Hopefully you've already read my story about the theft of my laptop either in my previous posting or on my latest posting on my tech-related site Jon's Tech Central. "And now," as Paul Harvey would say, "the rest of the story."
A few days prior to my laptop being stolen I was home alone save for my dog Zoe. We were both laying on the bed staring at the idiot box when suddenly the dog gets up and starts running for the door, barking. I walked to the front door to see what she had heard that I hadn't. No one was on the porch but someone was in the driveway walking away from the porch, and it appeared like he had something in his hands. When he turned around I could see that the man had in his hands an old crappy clock that we had left on our porch. We, in fact, wanted to get rid of it. We just hadn't gotten around to it yet. The man himself was obviously a drunk. Most of his teeth were missing. He was dishevelled and dirty. I could smell alcohol on his breath.
I was furious. How dare this drunk walk onto my property and help himself to something that wasn't his to take. It didn't matter that it was something I didn't want any longer. That wasn't the point. The point was that this drunk was trying to steal from me. He claimed he knocked on the door. Bullshit. Even if I wasn't home did that give him the right to just walk off with it? Hell, no, it didn't. At one point he asked if he could have it. Hell, no.

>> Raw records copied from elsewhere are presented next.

(* Let $k_1,k_2$ be nonnegative integers with $2k_1+k_2\ge 2$. Then for every integer $t$ with $1\le t\le k_1$ there exists a projective linear code $C$ over $\mathbb{Z}_4$ of type $4^{k_1}2^{k_2}$, length $n=2^{2k_1+k_2-1}-2^{2k_1+k_2-t-1}$ and minimum Lee distance $d_L=n$, having exactly two nonzero Lee weights $w_1=2^{2k_1+k_2-1}-2^{2k_1+k_2-t-1}$ and $w_2=2^{2k_1+k_2-1}$, with $A_{w_1}=2^{2k_1+k_2}-2^t$ and $A_{w_2}=2^t-1$.
   Context: A linear code of length $n$ over $\mathbb{Z}_4$ is a $\mathbb{Z}_4$-submodule of $\mathbb{Z}_4^n$; it has type $4^{k_1}2^{k_2}$ if it is isomorphic as a group to $\mathbb{Z}_4^{k_1}\times\mathbb{Z}_2^{k_2}$. The Lee weight on $\mathbb{Z}_4$ is $w_L(0)=0,w_L(1)=1,w_L(2)=2,w_L(3)=1$, extended additively to vectors; $d_L$ is the minimum Lee weight of a nonzero codeword. The dual $C^\perp$ is taken with respect to $\mathbf{x}\cdot\mathbf{y}=\sum x_iy_i\in\mathbb{Z}_4$, and $C$ is projective if $d_L(C^\perp)\ge3$. $A_w$ is the number of codewords of Lee weight $w$. *)

From HB Require Import structures.
From mathcomp Require Import all_boot all_order all_algebra.
Set Implicit Arguments. Unset Strict Implicit. Unset Printing Implicit Defensive.
Import GRing.Theory.
Local Open Scope ring_scope.

Definition leeZ4 (x : 'Z_4) : nat :=
  match val x with 0 => 0 | 1 => 1 | 2 => 2 | _ => 1 end%N.

Definition lee_wt n (v : 'rV['Z_4]_n) : nat := (\sum_(i < n) leeZ4 (v ord0 i))%N.

Definition z4_linear n (C : {set 'rV['Z_4]_n}) : Prop :=
  0 \in C /\ (forall x y, x \in C -> y \in C -> x + y \in C) /\
  (forall (a : 'Z_4) x, x \in C -> a *: x \in C).

Definition z4_type n (C : {set 'rV['Z_4]_n}) (k1 k2 : nat) : Prop :=
  exists f : 'rV['Z_4]_k1 * 'rV['Z_2]_k2 -> 'rV['Z_4]_n,
    [/\ injective f, (forall u v, f (u + v) = f u + f v)
      & forall c, c \in C <-> exists u, c = f u].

I let him know that in no uncertain terms that he'd better get the hell off my property and that if ever saw him again anywhere near my house I'd call the police.
I think that I was justified in my reaction. I still think I'm right.

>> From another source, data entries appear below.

Lemma cover_in_image_eps F G C (L : seq (R * N)) :
  (forall t, t \in L -> local_fraction t.1 t.2) ->
  (forall P, U P -> exists2 t, t \in L & ~ colon P t.1) ->
  (forall t, t \in L -> frac_eq ((F * t.1) ^+ C) (G, F) (t.2, t.1)) ->
  in_image_eps U (fam_scale (F ^+ C.+1) g).
Proof.
move=> Lfrac Lcov FL; exists (F ^+ C *: G) => _ [P [UP ->]].
(* Near P, (F^C G)/F^(C+1) = G'/F' = g for a member (G', F') of the cover. *)
have [[F' G'] tL PF'] := Lcov P UP.
have [u [Pu hu]] := (Lfrac _ tL).2 P UP PF'.
have hc : frac_eq (F' ^+ C) (F ^+ C *: G, F ^+ C.+1) (G', F').
  rewrite /frac_eq /=; apply: etrans (FL _ tL); rewrite /= !scalerBr !scalerA exprMn exprS.
  by congr (_ *: _ - _ *: _); ring.
have pP := colon_prime (U_prime UP).
exists (F' ^+ C * u * F'); split.
  by apply: prime_ideal_notM => //; apply: prime_ideal_notM => //; apply: prime_ideal_notX.
by have := frac_eq_sym (frac_eq_trans hc (frac_eq_sym hu)); rewrite /frac_eq /= scale1r.
Qed.

Lemma in_image_eps_torsion :
  exists k, forall r, ideal_pow I k r -> in_image_eps U (fam_scale r g).
Proof.
have [L [Lfrac Lcov]] := local_fractions_cover.
have [C hC] : exists C, forall t, t \in L -> forall t', t' \in L ->
    frac_eq ((t.1 * t'.1) ^+ C) (t.2, t.1) (t'.2, t'.1).
  apply: (@exists_uniform_bound _ (fun C t => forall t', t' \in L ->
    frac_eq ((t.1 * t'.1) ^+ C) (t.2, t.1) (t'.2, t'.1))) => [n m t nm h t' t'L | t tL].
    exact: frac_eq_exprn_le nm (h t' t'L).
  apply: exists_uniform_bound => [n m t' nm | t' t'L]; first exact: frac_eq_exprn_le.
  exact: local_fractions_compatible (Lfrac t tL) (Lfrac t' t'L).
have LJ t : t \in L -> in_image_eps U (fam_scale (t.1 ^+ C.+1) g).
  by move=> tL; apply: (cover_in_image_eps Lfrac Lcov) => t' t'L; apply: hC.
have [s hs] := noeth hI.
have [E sE] : exists E, forall y, y \in s -> in_image_eps U (fam_scale (y ^+ E) g).
  apply: exists_uniform_bound => [n m y nm | y ys].
    exact: ideal_exprn_le in_image_eps_ideal nm.
  apply: radical in_image_eps_ideal _ => P hP JP; apply: NNPP => Py.
  have [t tL Pt] := Lcov P (U_of_notin hP (fin_gen_ideal_mem hs ys) Py).
  exact: prime_ideal_notX (colon_prime hP) Pt (JP _ (LJ t tL)).
exists (size s * E).+1.
apply: (@ideal_pow_sub_of_exprs _ I _ s (fun=> E)) in_image_eps_ideal _ _.
- by move=> x /hs [c [_ ->]]; exists c.
- by move=> i si; apply: sE; apply: mem_nth.
- by rewrite sum_nat_const card_ord; lia.
Qed.

End SectionsOutsideV.

Theorem proposition3p11 (R : comPzRingType) (M N : lmodType R) (K : M -> Prop) :
  noetherian_ring R ->
  faithful M -> primeful M -> (exists P : M -> Prop, prime_submodule P) ->
  submodule K ->
  coker_eps_torsion N (colon K)
    (fun P => prime_submodule P /\ ~ Vset K P).
Proof.
move=> noeth hf hpf hspec hK g hg.
apply: (in_image_eps_torsion noeth hf hpf hspec (colon_ideal hK) _ hg) => P.
by split=> [[hP /(notin_VsetE _ hP)] | [hP /(notin_VsetE _ hP)]].
Qed.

But at the same time I know that alcoholism is a disease. I know that being an addict and being intoxicated makes you do things a clean person wouldn't. I know that that man needed help. I felt like maybe instead of threatening him I should have reached out to him. Maybe. Again, I still felt justified in my actions. But that didn't stop that twang of guilt as I walked back into the house.

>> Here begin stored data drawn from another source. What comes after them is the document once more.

(* Every identity is checked coefficientwise in the basis [delta_x (x) a] of
   D(G,H) and of its tensor powers.  The basis element [delta_x (x) c] is a
   product of two basis elements in exactly |G| ways,
   [(delta_x (x) a) (delta_(a^-1.x) (x) a^-1 c)] for [a] in [G], and likewise
   factorwise in the tensor powers, so every coefficient of a product is a
   single sum over G (resp. G^2, G^3).  The delta functions in the unit, the
   counit, R and R^-1 = sum_h (delta_h (x) 1) (x) (1 (x) gamma(h)^-1) collapse
   these sums to one term.  What remains is group theory: associativity uses
   that mu is an action, multiplicativity of Delta and eps that G acts by
   automorphisms, the hexagon identity for (Delta (x) id) that gamma is a
   homomorphism, and Delta^op = R Delta R^-1 the two crossed module axioms. *)

Section Factorizations.
Variable K : pzSemiRingType.

Lemma pair_bigE (I J : finType) (F : I * J -> K) :
  \sum_p F p = \sum_i \sum_j F (i, j).
Proof. by rewrite pair_bigA; apply: eq_bigr => -[]. Qed.

(* [c u v p] (the coefficient of [p] in the product [u v] of basis elements)
   counts the [i : I] with [(u, v) = (l p i, r p i)]: [l p] and [r p]
   parametrize the factorizations of [p]. *)
Definition factorization_law (B I : finType) (c : B -> B -> B -> K)
    (l r : B -> I -> B) :=
  forall (F : B -> B -> K) p, \sum_u \sum_v F u v * c u v p = \sum_i F (l p i) (r p i).

Lemma factorization_lawX (B1 B2 I1 I2 : finType) c1 c2
    (l1 r1 : B1 -> I1 -> B1) (l2 r2 : B2 -> I2 -> B2) :
  factorization_law c1 l1 r1 -> factorization_law c2 l2 r2 ->
  factorization_law (fun u v p => c1 u.1 v.1 p.1 * c2 u.2 v.2 p.2)
    (fun p i => (l1 p.1 i.1, l2 p.2 i.2)) (fun p i => (r1 p.1 i.1, r2 p.2 i.2)).
Proof.
move=> law1 law2 F p /=.
under eq_bigr => u _ do under eq_bigr => v _ do rewrite mulrA.
under eq_bigr => u _ do rewrite pair_bigE.
rewrite pair_bigE /=.
under [LHS]eq_bigr => u1 _.
  rewrite exchange_big /=.
  under eq_bigr => v1 _ do rewrite law2.
  rewrite exchange_big /=.
  over.
rewrite exchange_big pair_bigE [RHS]exchange_big /=.
by apply: eq_bigr => j _; rewrite law1.
Qed.

End Factorizations.

Section CrossedModuleDouble.
Variables (K : fieldType) (gT hT : finGroupType).
Variables (act : gT -> hT -> hT) (gamma : hT -> gT).
Hypothesis act1 : forall h, act 1%g h = h.
Hypothesis actM : forall g1 g2 h, act (g1 * g2)%g h = act g1 (act g2 h).
Hypothesis act_morphM : forall g h n, act g (h * n)%g = (act g h * act g n)%g.
Hypothesis gammaM : forall h n, gamma (h * n)%g = (gamma h * gamma n)%g.
Hypothesis gamma_act : forall g h, gamma (act g h) = (g * gamma h * g^-1)%g.
Hypothesis act_gamma : forall h n, act (gamma h) n = (h * n * h^-1)%g.

Lemma actK g : cancel (act g) (act g^-1).
Proof. by move=> h; rewrite -actM mulVg act1. Qed.

Lemma actVK g : cancel (act g^-1) (act g).
Proof. by move=> h; rewrite -actM mulgV act1. Qed.

Local Notation Bas := (Bas gT hT).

Fast forward a few days to when I got my laptop stolen. There were few, if any, possessions I owned that were more valuable to me. Now I am without it...but I still have the piece of crap clock.
So let's take a look at the big picture. Some poor sick soul tries to take something from me that I didn't want anyway. I ignore his sickness and threaten him. A few days later my new car is vandalized and my most prized possession is taken from me. Are these events somehow connected? Is there some weird sort of karma going on here? Was God trying to tell me something? This will bother me for a long time, I think.
This segment is called, "My Dog is Special". My dog is a year old chihuahua. She has what is considered in some circles a "deer head", as opposed to an "apple head". See here? Buddy, on the left is an apple head, and Zoe, on the right is a deer head. Deer heads have flatter heads, longer ears, and longer snouts than apple heads. What makes her special is that in addition to the fawn-colored coat (which is no so uncommon) she has four white paws and what I like to call a white "sleeve" going up her front left leg. I've searched for Chihuahua pictures on Google and Yahoo and have yet to run across one with that exact color pattern. Once, on "The Dog Whisperer" I saw a Pit Bull with those markings but that doesn't count! A Pit is not a Chihuahua! And THAT is why my dog is special.